Blood Simple (1984), stan.com.au
Critics were divided when Joel and Ethan Coen announced themselves as twentysomething filmmakers more than three decades ago with this Texan-set thriller – “a crude, ghoulish comedy on thriller themes,” wrote Pauline Kael in TheNew Yorker. But looking at the movie now, a neo-noir confection of desire and murder assembled from the stories of James M. Cain and Dashiell Hammett, it’s obvious how self-contained and identifiable the siblings already were. “I know where you can get those framed,” aprivate eye named Visser (M. Emmet Walsh) tells a bar owner, Marty (Dan Hedaya), when he presents him with photos of his wife, Abby (Frances McDormand) in bed with his bartender, Ray (John Getz), and from that staring point nocturnal acts of cruelty take shape not through nefarious schemes but crude assumptions and mistaken identity.
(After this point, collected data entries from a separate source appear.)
(* Let $a_1,a_2,b_1,b_2,\gamma>0$ and define $F_1(r)=\frac1{a_1}r^{a_1}$, $F_2(r)=\frac1{a_2}r^{a_2}$ for $r\ge0$, and $h(\mathbf r)=\dfrac{r_1^{b_1}r_2^{b_2}}{(1+r_1+r_2)^\gamma}$ for $\mathbf r\in[0,\infty)^2$. Then $F_1,F_2,h$ satisfy all the conditions (F), (h), ($\theta$) listed in the context if and only if, for $j=1,2$, \[a_j\ge2,\qquad b_j\ge2a_j-1,\qquad b_1+b_2\le\gamma+\min\{a_1,a_2\}.\]
   Context: Conditions. (F): for $j=1,2$, $F_j:[0,\infty)\to[0,\infty)$ is $C^2$ with $F_j''(r)>0$ for $r>0$, $F_j(0)=F_j'(0)=0$, $\liminf_{r\to\infty}F_j''(r)>0$, $\limsup_{r\to\infty}F_j'(r)/F_j(r)<\infty$; there are $m_j,M_j>0$, $\beta_j\ge0$, $r_0>0$ with $m_jr^{\beta_j}\le F_j''(r)\le M_jr^{\beta_j}$ for $0\le r\le r_0$; and $F_j(r)-rF_j'(r)+r^2F_j''(r)\ge0$ for all $r\ge0$. (h): $h:[0,\infty)^2\to\mathbb R$ is $C^2$ with $h(r_1,0)=h(0,r_2)=0$ and $\partial_{r_j}h(r_1,0)=\partial_{r_j}h(0,r_2)=0$ for $j=1,2$ and all $r_1,r_2\ge0$. ($\theta$): with $\theta_j(\mathbf u):=\partial_{r_j}h((F_1')^{-1}(u_1),(F_2')^{-1}(u_2))$ and $\theta_{j,i}:=\partial_{u_i}\theta_j$ (i.e. $\theta_{j,i}(\mathbf u)=\partial_{r_i}\partial_{r_j}h(\mathbf r)/F_i''(r_i)$, $r_k=(F_k')^{-1}(u_k)$), each $\theta_{j,i}$ is locally Lipschitz on $[0,\infty)^2$ and there are constants $\kappa_{j,i}>0$ with $|\partial_{r_i}\partial_{r_j}h(\mathbf r)|\le\kappa_{j,i}F_i''(r_i)\min\{1,F_1'(r_1),F_2'(r_2),\sqrt{r_i/r_j}\}$ for all $\mathbf r\in[0,\infty)^2$ and $i,j\in\{1,2\}$. *)

From Stdlib Require Import Reals Lra.
Open Scope R_scope.

(* Power r^a for r >= 0 with the conventions 0^a = 0 (a <> 0), 0^0 = 1. *)
Definition rpow (r a : R) : R :=
  if Rlt_dec 0 r then Rpower r a
  else if Req_EM_T a 0 then 1 else 0.

Definition deriv_nn (f : R -> R) (x l : R) : Prop :=
  forall eps, 0 < eps -> exists d, 0 < d /\
    forall t, 0 <= t -> t <> x -> Rabs (t - x) < d ->
      Rabs ((f t - f x) / (t - x) - l) < eps.

Definition cont_nn (f : R -> R) (x : R) : Prop :=
  forall eps, 0 < eps -> exists d, 0 < d /\
    forall t, 0 <= t -> Rabs (t - x) < d -> Rabs (f t - f x) < eps.

Definition C2_nn (f f1 f2 : R -> R) : Prop :=
  forall x, 0 <= x -> deriv_nn f x (f1 x) /\ deriv_nn f1 x (f2 x) /\ cont_nn f2 x.

Definition condF_with (F F1 F2 : R -> R) : Prop :=
  (forall r, 0 <= r -> 0 <= F r) /\
  C2_nn F F1 F2 /\
  (forall r, 0 < r -> 0 < F2 r) /\
  F 0 = 0 /\ F1 0 = 0 /\
  (* liminf_{r -> oo} F''(r) > 0 *)
  (exists c, 0 < c /\ exists R0, forall r, R0 <= r -> c <= F2 r) /\
  (* limsup_{r -> oo} F'(r)/F(r) < oo *)
  (exists C R0, forall r, R0 <= r -> F1 r / F r <= C) /\
  (exists m M beta r0, 0 < m /\ 0 < M /\ 0 <= beta /\ 0 < r0 /\
     forall r, 0 <= r <= r0 -> m * rpow r beta <= F2 r /\ F2 r <= M * rpow r beta) /\
  (forall r, 0 <= r -> F r - r * F1 r + r ^ 2 * F2 r >= 0).

Definition dist2 (x1 y1 x2 y2 : R) : R := sqrt ((x1 - x2) ^ 2 + (y1 - y2) ^ 2).

Definition partial1 (f : R -> R -> R) (x y l : R) : Prop := deriv_nn (fun t => f t y) x l.
Definition partial2 (f : R -> R -> R) (x y l : R) : Prop := deriv_nn (fun t => f x t) y l.

Definition cont_Q (g : R -> R -> R) (x y : R) : Prop :=
  forall eps, 0 < eps -> exists d, 0 < d /\
    forall x' y', 0 <= x' -> 0 <= y' -> dist2 x' y' x y < d ->
      Rabs (g x' y' - g x y) < eps.

(* h is C^2 on [0,oo)^2; hj = d_{r_j} h, hji = d_{r_i} d_{r_j} h *)
Definition C2_Q (h h1 h2 h11 h12 h21 h22 : R -> R -> R) : Prop :=
  forall x y, 0 <= x -> 0 <= y ->
    partial1 h x y (h1 x y) /\ partial2 h x y (h2 x y) /\
    partial1 h1 x y (h11 x y) /\ partial2 h1 x y (h12 x y) /\
    partial1 h2 x y (h21 x y) /\ partial2 h2 x y (h22 x y) /\
    cont_Q h x y /\ cont_Q h1 x y /\ cont_Q h2 x y /\
    cont_Q h11 x y /\ cont_Q h12 x y /\ cont_Q h21 x y /\ cont_Q h22 x y.

Definition loc_lip_Q (g : R -> R -> R) : Prop :=
  forall x y, 0 <= x -> 0 <= y -> exists d L, 0 < d /\
    forall x1 y1 x2 y2, 0 <= x1 -> 0 <= y1 -> 0 <= x2 -> 0 <= y2 ->
      dist2 x1 y1 x y < d -> dist2 x2 y2 x y < d ->
      Rabs (g x1 y1 - g x2 y2) <= L * dist2 x1 y1 x2 y2.

Definition inv_nn (G Fd : R -> R) : Prop :=
  forall u, 0 <= u -> 0 <= G u /\ Fd (G u) = u /\
  (forall r, 0 <= r -> Fd r = u -> r = G u).

Definition min4 (a b c d : R) : R := Rmin a (Rmin b (Rmin c d)).
(* If $P\subset\mathbb R^d$ is a rational $d$-polytope with $N(P)=-N(P)$, then $\Lambda_P=\Delta_P$, i.e. every upper region of $\Lambda_P$ is an open cell of $\Delta_P$ and conversely.
   Context: A rational $d$-polytope has a unique irredundant presentation $P=\bigcap_{i=1}^m\{\bm x:(\bm a_i,\bm x)\ge b_i\}$ with $(\bm a_i,b_i)\in\mathbb Z^{d+1}$ primitive; $N(P)=\{\bm a_1,\dots,\bm a_m\}$. Upper regions: nonempty sets $U_{\bm c}=\{\bm x: c_i-1<(\bm a_i,\bm x)\le c_i\ \forall i\}$, $\bm c\in\mathbb Z^m$; $\Lambda_P$ is the set of them. $\Delta_P$: the open cells of the arrangement $\{(\bm a_i,\bm x)=k: i\le m, k\in\mathbb Z\}$, i.e. nonempty sets $A_1\cap\cdots\cap A_m$ with each $A_i$ either $\{(\bm a_i,\bm x)=k\}$ or $\{k<(\bm a_i,\bm x)<k+1\}$, $k\in\mathbb Z$. *)

From HB Require Import structures.
From mathcomp Require Import all_boot all_order all_algebra.
From mathcomp Require Import boolp classical_sets reals.
Set Implicit Arguments. Unset Strict Implicit. Unset Printing Implicit Defensive.
Import Order.TTheory GRing.Theory Num.Theory.
Local Open Scope ring_scope.
Local Open Scope classical_set_scope.

Definition dotZ {R : realType} {d : nat} (a : 'I_d -> int) (x : 'I_d -> R) : R :=
  \sum_(j < d) (a j)%:~R * x j.

Definition primitive {d : nat} (a : 'I_d -> int) (b : int) : Prop :=
  forall k : int, (forall j, (k %| a j)%Z) -> (k %| b)%Z -> `|k| = 1.

Definition polyhedron {R : realType} {d m : nat}
  (A : 'I_m -> 'I_d -> int) (b : 'I_m -> int) : set ('I_d -> R) :=
  [set x | forall i, (b i)%:~R <= dotZ (A i) x].

Definition irredundant {R : realType} {d m : nat}
  (A : 'I_m -> 'I_d -> int) (b : 'I_m -> int) : Prop :=
  forall i, exists x : 'I_d -> R,
    (forall j, j != i -> (b j)%:~R <= dotZ (A j) x) /\ dotZ (A i) x < (b i)%:~R.

Definition bounded {R : realType} {d : nat} (P : set ('I_d -> R)) : Prop :=
  exists M : R, forall x, P x -> forall j, `|x j| <= M.

Definition full_dimensional {R : realType} {d : nat} (P : set ('I_d -> R)) : Prop :=
  exists (x0 : 'I_d -> R) (e : R), 0 < e /\
    forall y : 'I_d -> R, (forall j, `|y j - x0 j| < e) -> P y.

Definition rational_polytope_presentation {R : realType} {d m : nat}
  (P : set ('I_d -> R)) (A : 'I_m -> 'I_d -> int) (b : 'I_m -> int) : Prop :=
  [/\ P = polyhedron A b, forall i, primitive (A i) (b i), irredundant (R:=R) A b,
      bounded P & full_dimensional P].

Definition normals {d m : nat} (A : 'I_m -> 'I_d -> int) : set ('I_d -> int) :=
  [set a | exists i, a = A i].
Definition neg_set {d : nat} (S : set ('I_d -> int)) : set ('I_d -> int) :=
  [set a | S (fun j => - a j)].

Definition upper_region {R : realType} {d m : nat}
  (A : 'I_m -> 'I_d -> int) (c : 'I_m -> int) : set ('I_d -> R) :=
  [set x | forall i, (c i)%:~R - 1 < dotZ (A i) x /\ dotZ (A i) x <= (c i)%:~R].

Definition Lambda {R : realType} {d m : nat} (A : 'I_m -> 'I_d -> int)
  : set (set ('I_d -> R)) :=
  [set U | exists c, U = upper_region A c /\ U !=set0].

(* Open cell of the arrangement {(a_i,x) = k}: s i selects the hyperplane
   (a_i,x) = k i, otherwise the open slab k i < (a_i,x) < k i + 1. *)
Definition arr_cell {R : realType} {d m : nat}
  (A : 'I_m -> 'I_d -> int) (s : 'I_m -> bool) (k : 'I_m -> int) : set ('I_d -> R) :=
  [set x | forall i, if s i then dotZ (A i) x = (k i)%:~R
                     else (k i)%:~R < dotZ (A i) x /\ dotZ (A i) x < (k i)%:~R + 1].

Definition Delta {R : realType} {d m : nat} (A : 'I_m -> 'I_d -> int)
  : set (set ('I_d -> R)) :=
  [set U | exists s k, U = arr_cell A s k /\ U !=set0].

From HB Require Import structures.
From mathcomp Require Import all_boot all_order all_algebra.
From mathcomp Require Import boolp classical_sets reals.
From mathcomp Require Import lra.
Import Order.TTheory GRing.Theory Num.Theory.
Local Open Scope ring_scope.
Local Open Scope classical_set_scope.

(* Everything happens one normal at a time on the real line.  For a value
   t = (a_i, x), membership in an upper region asks  c - 1 < t <= c  (the
   "upper condition"), membership in a cell asks  t = k  or  k < t < k + 1
   (the "cell condition").  Every cell condition implies an upper condition.
   When -a_i is also a normal a_j, a point lies in U_c iff for each i the
   pair t, -t meets the upper conditions for c_i, c_j; by integrality such a
   pair of conditions, once satisfiable, is equivalent to a single cell
   condition (t = c_i if c_j = -c_i, else c_i - 1 < t < c_i).  Finally,
   cells of the integer grid on the line are disjoint, so a cell condition
   is determined by any point satisfying it. *)

Lemma ltr_int_addr1 (R : realType) (p q : int) :
  (p%:~R : R) < q%:~R + 1 -> (p%:~R : R) <= q%:~R.
Proof.
move=> h; have : (p%:~R : R) < (q + 1)%:~R by rewrite intrD.
by rewrite ltr_int ler_int -ltzD1.
Qed.

Lemma dotZN (R : realType) (d : nat) (a : 'I_d -> int) (x : 'I_d -> R) :
  dotZ (fun t => - a t) x = - dotZ a x.
Proof. by rewrite /dotZ -sumrN; apply: eq_bigr => t _; rewrite mulrNz mulNr. Qed.

Section LineConditions.
Context {R : realType}.

Definition upper_cond (c : int) (t : R) : Prop := c%:~R - 1 < t /\ t <= c%:~R.

Definition cell_cond (s : bool) (k : int) (t : R) : Prop :=
  if s then t = k%:~R else k%:~R < t /\ t < k%:~R + 1.

Definition cell_top (s : bool) (k : int) : int := if s then k else k + 1.

Lemma cell_cond_upper {s k t} : cell_cond s k t -> upper_cond (cell_top s k) t.
Proof.
rewrite /cell_cond /upper_cond /cell_top; case: s => [->|]; first lra.
by rewrite intrD; lra.
Qed.

(* Cells of the integer grid on the line are pairwise disjoint, so two
   cell conditions sharing a solution are the same condition. *)
Lemma cell_cond_same {s k s' k' t} :
  cell_cond s k t -> cell_cond s' k' t -> forall u, cell_cond s' k' u -> cell_cond s k u.
Proof.
move=> h h'; suff [-> ->] : s = s' /\ k = k' by [].
rewrite /cell_cond in h h'.
suff E : (k%:~R : R) = k'%:~R.
  have Ek : k = k' by apply/eqP; rewrite -(eqr_int R) E.
  by subst k'; split=> //; case: s s' h h' => -[] //= => [->|] []; lra.
have := @ltr_int_addr1 R k k'; have := @ltr_int_addr1 R k' k.
by case: s h; case: s' h' => /=; lra.
Qed.

(* Upper conditions for t and -t, when satisfiable, amount to a single cell
   condition: the point t0 witnesses which one. *)
Lemma upper_pair_cell {ci cj : int} {t0 : R} :
  upper_cond ci t0 -> upper_cond cj (- t0) ->
  forall t, upper_cond ci t /\ upper_cond cj (- t) <->
            cell_cond (t0 == ci%:~R) (if t0 == ci%:~R then ci else ci - 1) t.
Proof.
rewrite /upper_cond /cell_cond => -[h1 h2] [h3 h4] t.
case: eqP => [e0|ne0].
  have Ecj : cj%:~R = - ci%:~R :> R.
    have := @ltr_int_addr1 R cj (- ci); have := @ltr_int_addr1 R (- ci) cj.
    rewrite !intrN; lra.
  rewrite Ecj; lra.
have lt0 : t0 < ci%:~R by rewrite lt_neqAle h2 andbT; apply/eqP.
have Ecj : cj%:~R = 1 - ci%:~R :> R.
  have := @ltr_int_addr1 R cj (1 - ci); have := @ltr_int_addr1 R (1 - ci) cj.
  rewrite !intrB ?mulr1z; lra.
rewrite Ecj intrB ?mulr1z; lra.
Qed.

End LineConditions.

Lemma arr_cell_sub_upper {R : realType} {d m : nat} {A : 'I_m -> 'I_d -> int}
    {s : 'I_m -> bool} {k : 'I_m -> int} :
  arr_cell (R:=R) A s k `<=` upper_region A (fun i => cell_top (s i) (k i)).
Proof. by move=> x Hx i; exact: cell_cond_upper (Hx i). Qed.

Section SymmetricNormals.
Variables (R : realType) (d m : nat) (A : 'I_m -> 'I_d -> int).

Hypothesis normal_opp : forall i, exists j, A j = (fun t => - A i t).

Lemma upper_region_opp {c : 'I_m -> int} {x : 'I_d -> R} {i j : 'I_m} :
  A j = (fun t => - A i t) -> upper_region A c x ->
  upper_cond (c i) (dotZ (A i) x) /\ upper_cond (c j) (- dotZ (A i) x).
Proof. by move=> hj Hx; split; [exact: Hx i | rewrite -dotZN -hj; exact: Hx j]. Qed.

(* A nonempty upper region U_c is the cell of any of its points y:
   (a_i, x) = c_i where (a_i, y) = c_i, and c_i - 1 < (a_i, x) < c_i elsewhere. *)
Lemma Lambda_sub_Delta : Lambda (R:=R) A `<=` Delta A.
Proof.
move=> _ [c [-> [y Hy]]].
pose s i := dotZ (A i) y == (c i)%:~R.
pose k i := if s i then c i else c i - 1.
exists s, k; split; last by exists y.
apply/seteqP; split => x Hx i; have [j hj] := normal_opp i;
  have [hy1 hy2] := upper_region_opp hj Hy.
- exact: (upper_pair_cell hy1 hy2 _).1 (upper_region_opp hj Hx).
- exact: ((upper_pair_cell hy1 hy2 _).2 (Hx i)).1.
Qed.

(* A nonempty cell is the upper region of its upper conditions: a point of
   that region satisfies the same cell condition as any point of the cell,
   since both are determined by the same pair of upper conditions. *)
Lemma Delta_sub_Lambda : Delta (R:=R) A `<=` Lambda A.
Proof.
move=> _ [s [k [-> [y Hy]]]].
exists (fun i => cell_top (s i) (k i)); split; last by exists y.
apply/seteqP; split; first exact: arr_cell_sub_upper.
move=> x Hx i; have [j hj] := normal_opp i.
have [hy1 hy2] := upper_region_opp hj (arr_cell_sub_upper _ Hy).
have cell_y := (upper_pair_cell hy1 hy2 _).1 (conj hy1 hy2).
have cell_x := (upper_pair_cell hy1 hy2 _).1 (upper_region_opp hj Hx).
exact: cell_cond_same (Hy i) cell_y _ cell_x.
Qed.

End SymmetricNormals.

Theorem mainTheorem6 (R : realType) (d m : nat) (P : set ('I_d -> R))
  (A : 'I_m -> 'I_d -> int) (b : 'I_m -> int) :
  rational_polytope_presentation P A b ->
  normals A = neg_set (normals A) ->
  Lambda (R:=R) A = Delta (R:=R) A.
Proof.
(* Only the symmetry of the normals matters, not the polytope itself. *)
move=> _ symN.
have normal_opp i : exists j, A j = (fun t => - A i t).
  have : normals A (A i) by exists i.
  by rewrite symN => -[j hj]; exists j.
by apply/seteqP; split; [exact: Lambda_sub_Delta | exact: Delta_sub_Lambda].
Qed.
These lives are like bitter clockwork designs no one can see, but the difference from latter Coen brothers works is the lack of ironic distance – there’s a rage in Hedaya’s performance that isn’t undercut by the bloody B-movie violence. At one point the camera tracks down the bar top, hopping over the head of a passed-out patron without pause, making for a witty, self-referential arrival.